To make money on mobile, you have to give your game away and charge for virtual goods. That’s the contemporary consensus, but at least one developer is proving it wrong.

Fireproof Games revealed yesterday that it has sold more than 5 million copies of its mind-bending puzzler franchise The Room on Android and iOS. The latest title, The Room Two, launched in December and has already surpassed more than 1.2 million in sales. Fireproof has sold more than 4.2 million copies of the original since its 2012 debut. The Room costs $1 while The Room Two costs $3. Spending on game apps reached $16 billion worldwide in 2013. The bulk of that went to free-to-play titles, but Fireproof director Barry Meade thinks his games are proof that consumers want something that doesn’t resort to microtransactions.

“OK, so premium games on mobile don’t sell, [or] so we keep getting told by the investor/marketing wing of the industry,” Meade tweeted yesterday. “Well, today, Fireproof received word [that] The Room Two has sold 1.2 million. Combined with The Room, we’re at 5.4 million sales over 14 months. Yet this all happened without Fireproof spending any money on marketing or PR or analysts or analytics.”

The Room and The Room Two lock players in a digital space and give them a box that they have to open. To progress, players must solve riddles and visual brain-teasers. The developer designed it to let players discover the answers on their own without any help, and you can’t just spend a dollar to skip anything.

Talk surrounding mobile tends to focus on huge free-to-play products like Clash of Clans and Candy Crush Saga that make their money from in-app purchases. These games have millions of players and generate millions in revenue, but they also spend a ton of money on player acquisition and data mining in an attempt to squeeze every dollar out of each and every player. Additionally, some free-to-play titles employ techniques to get money from people when they are most vulnerable. For example, players are more likely to spend money to keep items they’ve collected when the game threatens to take them away after a game over. The European Union is currently holding hearings to address these kinds of business models.

Fireproof ignored all of that stuff and instead just made what it wanted to play.

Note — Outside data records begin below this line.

Theorem proposition3p12 (gamma : R) (g : nat -> R)
  (hgamma : 0 <= gamma <= 1)
  (hg : forall n, 0 <= g n <= 1)
  (hO : exists K : R, forall n : nat, (1 <= n)%nat -> Rabs (g n - gamma) <= K / INR n) :
  forall u : R, 0 < u < 1 ->
    is_lim_seq (fun n => phi n (g n) u)
      (1 / 2 * indic (fun x => x = gamma) u + indic (fun x => gamma < x <= 1) u)
    /\ (u <> gamma -> is_lim_seq (fun n => Derive (phi n (g n)) u) 0)
    /\ (u = gamma -> is_lim_seq (fun n => Derive (phi n (g n)) u) p_infty).
Proof.
  intros u Hu. destruct hO as [K HK].
  set (k := fun n => threshold n (g n)).
  assert (Hk : forall n, (1 <= n)%nat -> (1 <= k n <= n)%nat) by (intros; apply (threshold_near n (g n) gamma K); auto).
  assert (HkL : forall n, (1 <= n)%nat -> Rabs (INR (k n) - INR n * gamma) <= Rabs K + 1)
    by (intros; apply (threshold_near n (g n) gamma K); auto).
  assert (HL : 0 <= Rabs K + 1) by (assert (H := Rabs_pos K); lra).
  assert (Hval : forall n, phi n (g n) u = ptail n u (k n)) by (intros; apply phi_ptail; auto).
  assert (Hder : eventually (fun n => INR n * pmf (n - 1) u (k n - 1) = Derive (phi n (g n)) u)).
  { exists 1%nat. intros n Hn. symmetry.
    rewrite (Derive_ext _ (fun t => ptail n t (k n))) by (intros; apply phi_ptail; auto).
    apply is_derive_unique, derive_ptail; auto. }
  split; [|split].
  - apply (is_lim_seq_ext (fun n => ptail n u (k n))); [intros; now rewrite Hval|].
    destruct (Req_dec u gamma) as [->|Hne].
    + rewrite indic_in, indic_out by (auto || lra).
      replace (1 / 2 * 1 + 0) with (1 / 2) by ring. now apply (ptail_limit_at_mean gamma (Rabs K + 1)).
    + rewrite (indic_out (fun x => x = gamma)), Rmult_0_r, Rplus_0_l by auto.
      assert (Lim : is_lim_seq (fun n => ptail n u (k n)) (Finite (if Rlt_dec gamma u then 1 else 0)))
        by (apply (ptail_limit_off_mean u gamma (Rabs K + 1)); auto).
      destruct (Rlt_dec gamma u); [rewrite indic_in|rewrite indic_out]; auto; lra.
  - intros Hne. eapply is_lim_seq_ext_loc; [exact Hder|].
    now apply (derivative_limit_off_mean u gamma (Rabs K + 1)).
  - intros ->. eapply is_lim_seq_ext_loc; [exact Hder|].
    now apply (derivative_limit_at_mean gamma (Rabs K + 1)).
Qed.
(* Let $\mathcal{L}_1,\mathcal{L}_2$ be objects of $\mathbf{Cal^0_{Sym}}$ and write $1_\circledast:=\Sigma_1\times\Sigma_2$. There is a bijection $$\xi:\Sigma'_\circledast\cup\{1_\circledast\}\to\mathbf{Cal^0_{Sym}}(\mathcal{L}_1,\mathcal{L}_2^{\mathrm{op}})$$ such that for every $x\in\Sigma'_\circledast\cup\{1_\circledast\}$, $$x=\bigcup\{\{p\}\times\Sigma[\xi(x)(p)]\,;\,p\in\Sigma_1\},$$ where $\xi(x)(p)\in\mathcal{L}_2^{\mathrm{op}}$ is regarded as an element of $\mathcal{L}_2$ and $\Sigma[\cdot]$ denotes the set of atoms of $\mathcal{L}_2$ below it.
   Context: For a complete lattice $\mathcal{L}_i$: $\Sigma_i,\Sigma_i'$ are its atoms and coatoms, $\Sigma[a]$ (resp. $\Sigma'[a]$) the atoms below (resp. coatoms above) $a$, $\mathsf{Cl}(\omega)=\{\Sigma[a];a\in\omega\}$, $\mathcal{L}^{\mathrm{op}}$ the dual lattice. For a map $f:\mathcal{L}_1\to\mathcal{L}_2$ between complete lattices, $f^\circ(b):=\bigvee\{a\in\mathcal{L}_1; f(a)\le b\}$. $\mathbf{Cal^0_{Sym}}$: objects are complete atomistic coatomistic lattices with $\Sigma[x]\cup\Sigma[y]\ne\Sigma$ for all coatoms $x,y$ and $\Sigma'[p]\cup\Sigma'[q]\ne\Sigma'$ for all atoms $p,q$; arrows $\mathcal{L}\to\mathcal{M}$ are maps $f$ preserving arbitrary joins, sending atoms to atoms or $0$, and such that $f^\circ$ sends coatoms to coatoms or $1$. For $R\subseteq\Sigma_1\times\Sigma_2$, $p=(p_1,p_2)$: $R_1[p]:=\{q_1;(q_1,p_2)\in R\}$, $R_2[p]:=\{q_2;(p_1,q_2)\in R\}$. $\Sigma'_\circledast:=\{R\subsetneqq\Sigma_1\times\Sigma_2\,;\,R_1[p]\in\mathsf{Cl}(\Sigma_1'\cup\{1\}),\ R_2[p]\in\mathsf{Cl}(\Sigma_2'\cup\{1\})\ \forall p\}$; $\mathcal{L}_1\circledast\mathcal{L}_2:=\{\bigcap\omega;\omega\subseteq\Sigma'_\circledast\cup\{\Sigma_1\times\Sigma_2\}\}$ ordered by inclusion. *)

(* Joins are handled
   relationally through [is_lub]; the dual lattice L^op is (T, flip le). *)

Set Implicit Arguments.

Section Order.
Variable T : Type.
Variable le : T -> T -> Prop.

Definition flip_le : T -> T -> Prop := fun x y => le y x.

Definition is_partial_order : Prop :=
  (forall x, le x x) /\
  (forall x y z, le x y -> le y z -> le x z) /\
  (forall x y, le x y -> le y x -> x = y).

Definition is_lub (S : T -> Prop) (a : T) : Prop :=
  (forall x, S x -> le x a) /\ (forall y, (forall x, S x -> le x y) -> le a y).

Definition is_complete_lattice : Prop :=
  is_partial_order /\ forall S : T -> Prop, exists a, is_lub S a.

Definition is_bot (z : T) : Prop := forall x, le z x.
Definition is_top (z : T) : Prop := forall x, le x z.

Definition is_atom (a : T) : Prop :=
  ~ is_bot a /\ forall b, le b a -> is_bot b \/ b = a.

Definition atoms_below (a : T) : T -> Prop := fun q => is_atom q /\ le q a.

End Order.

Definition is_coatom T (le : T -> T -> Prop) (a : T) := is_atom (flip_le le) a.
Definition coatoms_above T (le : T -> T -> Prop) (a : T) : T -> Prop :=
  fun c => is_coatom le c /\ le a c.

Definition image T U (f : T -> U) (S : T -> Prop) : U -> Prop :=
  fun y => exists x, S x /\ f x = y.

Definition is_atomistic T (le : T -> T -> Prop) : Prop :=
  forall a, is_lub le (atoms_below le a) a.
Definition is_coatomistic T (le : T -> T -> Prop) : Prop :=
  forall a, is_lub (flip_le le) (coatoms_above le a) a.

Definition cal0sym_obj T (le : T -> T -> Prop) : Prop :=
  is_complete_lattice le /\ is_atomistic le /\ is_coatomistic le /\
  (* Sigma[x] u Sigma[y] <> Sigma for all coatoms x, y *)
  (forall x y, is_coatom le x -> is_coatom le y ->
     exists p, is_atom le p /\ ~ le p x /\ ~ le p y) /\
  (* Sigma'[p] u Sigma'[q] <> Sigma' for all atoms p, q *)
  (forall p q, is_atom le p -> is_atom le q ->
     exists c, is_coatom le c /\ ~ le p c /\ ~ le q c).

Definition cal0sym_arrow T U (leT : T -> T -> Prop) (leU : U -> U -> Prop)
  (f : T -> U) : Prop :=
  (forall (S : T -> Prop) a, is_lub leT S a -> is_lub leU (image f S) (f a)) /\
  (forall p, is_atom leT p -> is_atom leU (f p) \/ is_bot leU (f p)) /\
  (* f°(b) := \/ {a ; f a <= b} sends coatoms to coatoms or 1 *)
  (forall b, is_coatom leU b ->
     forall c, is_lub leT (fun a => leU (f a) b) c ->
       is_coatom leT c \/ is_top leT c).

Definition HomOp T1 T2 (le1 : T1 -> T1 -> Prop) (le2 : T2 -> T2 -> Prop) : Type :=
  { f : T1 -> T2 | cal0sym_arrow le1 (flip_le le2) f }.

(* 1_circledast = Sigma1 x Sigma2, as a relation *)
Definition one_star T1 T2 (le1 : T1 -> T1 -> Prop) (le2 : T2 -> T2 -> Prop)
  : T1 -> T2 -> Prop := fun q1 q2 => is_atom le1 q1 /\ is_atom le2 q2.

Definition in_SigmaStar' T1 T2 (le1 : T1 -> T1 -> Prop) (le2 : T2 -> T2 -> Prop)
  (R : T1 -> T2 -> Prop) : Prop :=
  (forall q1 q2, R q1 q2 -> is_atom le1 q1 /\ is_atom le2 q2) /\
  ~ (forall q1 q2, is_atom le1 q1 -> is_atom le2 q2 -> R q1 q2) /\
  (forall p1 p2, is_atom le1 p1 -> is_atom le2 p2 ->
     (* R1[p] in Cl(Sigma1' u {1}) *)
     (exists a, (is_coatom le1 a \/ is_top le1 a) /\
        forall q1, R q1 p2 <-> atoms_below le1 a q1) /\
     (* R2[p] in Cl(Sigma2' u {1}) *)
     (exists b, (is_coatom le2 b \/ is_top le2 b) /\
        forall q2, R p1 q2 <-> atoms_below le2 b q2)).

Definition SigmaStar1 T1 T2 (le1 : T1 -> T1 -> Prop) (le2 : T2 -> T2 -> Prop) : Type :=
  { R : T1 -> T2 -> Prop | in_SigmaStar' le1 le2 R \/ R = one_star le1 le2 }.

From Stdlib Require Import Classical ClassicalEpsilon FunctionalExtensionality
  PropExtensionality ProofIrrelevance.

(* For a relation R between atoms, call f : L1 -> L2 a representation of R
   when the atoms below f a are exactly the atoms related by R to every atom
   below a.  If every row and column of R is the set of atoms below a coatom
   or 1, as for the elements of Sigma'_* and for 1_*, the meet of the
   elements coding the rows R[p], p <= a, represents R, and the closedness of
   the columns makes it an arrow L1 -> L2^op.  Conversely an arrow h
   represents the relation q2 <= h q1 on atoms, which is closed in the same
   sense.  In an atomistic L2 a representation is determined by R, and R is
   read off it, which gives the bijection. *)

Section LatticeFacts.
Variables (T : Type) (le : T -> T -> Prop).

Lemma po_refl x : is_partial_order le -> le x x.
Proof. intros [refl _]. apply refl. Qed.

Lemma po_trans x y z : is_partial_order le -> le x y -> le y z -> le x z.
Proof. intros [_ [trans _]]. apply trans. Qed.

Lemma lub_unique S a b :
  is_partial_order le -> is_lub le S a -> is_lub le S b -> a = b.
Proof.
  intros [_ [_ anti]] [Ha1 Ha2] [Hb1 Hb2]. apply anti; auto.
Qed.

Lemma glb_exists :
  is_complete_lattice le -> forall S, exists c, is_lub (flip_le le) S c.
Proof.
  intros [_ CL] S.
  destruct (CL (fun y => forall x, S x -> le y x)) as [c [Hc1 Hc2]].
  exists c. split.
  - intros x Hx. apply Hc2. intros y Hy. apply Hy, Hx.
  - intros y Hy. apply Hc1. intros x Hx. apply Hy, Hx.
Qed.

Lemma top_exists : is_complete_lattice le -> exists t, is_top le t.
Proof.
  intros [_ CL]. destruct (CL (fun _ => True)) as [t [Ht _]].
  exists t. intro x. apply Ht. exact I.
Qed.

Lemma le_of_atoms_below x y :
  is_atomistic le -> (forall q, atoms_below le x q -> le q y) -> le x y.
Proof. intros At H. apply (At x), H. Qed.

Lemma eq_of_atoms_below x y :
  is_partial_order le -> is_atomistic le ->
  (forall q, is_atom le q -> (le q x <-> le q y)) -> x = y.
Proof.
  intros [_ [_ anti]] At H.
  apply anti; apply le_of_atoms_below; trivial;
    intros q [qa qle]; apply (H q qa); exact qle.
Qed.

Lemma atom_le_atom_eq p q : is_atom le p -> is_atom le q -> le q p -> q = p.
Proof.
  intros [_ Hp] [Hq _] Hqp. destruct (Hp q Hqp); [contradiction | trivial].
Qed.

Lemma top_of_no_atoms x : is_atomistic le -> ~ (exists q, is_atom le q) -> is_top le x.
Proof.
  intros At N y. apply le_of_atoms_below; trivial.
  intros q [qa _]. exfalso. apply N. exists q. exact qa.
Qed.

End LatticeFacts.

Arguments po_refl {T le} x.
Arguments po_trans {T le} x y z.
Arguments lub_unique {T le S a b}.
Arguments glb_exists {T le}.
Arguments top_exists {T le}.
Arguments le_of_atoms_below {T le x y}.
Arguments eq_of_atoms_below {T le x y}.
Arguments atom_le_atom_eq {T le p q}.
Arguments top_of_no_atoms {T le x}.

Section Representations.
Variables (T1 T2 : Type) (le1 : T1 -> T1 -> Prop) (le2 : T2 -> T2 -> Prop).
Hypotheses (C1 : is_complete_lattice le1) (C2 : is_complete_lattice le2)
  (At1 : is_atomistic le1) (At2 : is_atomistic le2).

Let PO1 : is_partial_order le1 := proj1 C1.
Let PO2 : is_partial_order le2 := proj1 C2.

(* The conditions on Sigma'_* without properness, which also hold for 1_*. *)
Definition is_closed_relation (R : T1 -> T2 -> Prop) : Prop :=
  (forall q1 q2, R q1 q2 -> is_atom le1 q1 /\ is_atom le2 q2) /\
  (forall p1 p2, is_atom le1 p1 -> is_atom le2 p2 ->
     (exists a, (is_coatom le1 a \/ is_top le1 a) /\
        forall q1, R q1 p2 <-> atoms_below le1 a q1) /\
     (exists b, (is_coatom le2 b \/ is_top le2 b) /\
        forall q2, R p1 q2 <-> atoms_below le2 b q2)).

“We had no experience in mobile,” Meade said. “We made it up as we went along. Our game wasn’t a service, and we believed in gamer word of mouth.”

So, does Meade think that Fireproof is doing things better than “freemium” developers like Supercell and King? It certainly seems that way.

“Maybe what mobile games needs is less databollocks and more devs who believe in gamers and what gamers want,” he said. “Who cares if free-to-play games’re making ‘$zintrillion’ if they’re barely games at all. Gamers need a space on mobile, and only we can create it.”

Fireproof is in no way making the kind of money that Supercell and King are bringing in, but it also might have a more stable model. For example, as King’s Candy Crush Saga gets larger, the company has to spend more on player acquisition. This takes the form of ads on TV or in other apps that draw players to its title.

A huge number of people at King spend all of their time trying to figure out how to bring in new players, and it’s part of why King’s releases make so much money. But that infrastructure can also turn into a liability later in a game’s life. If King is spending a significant amount of money and resources to acquire new players, but older players start leaving faster than new ones are coming in, that’s a lot of money to keep an old game running. It puts a lot of the cost on the backend, as opposed to Fireproof, which spent the brunt of its budget upfront and can just keep reaping the rewards without having to take further risks.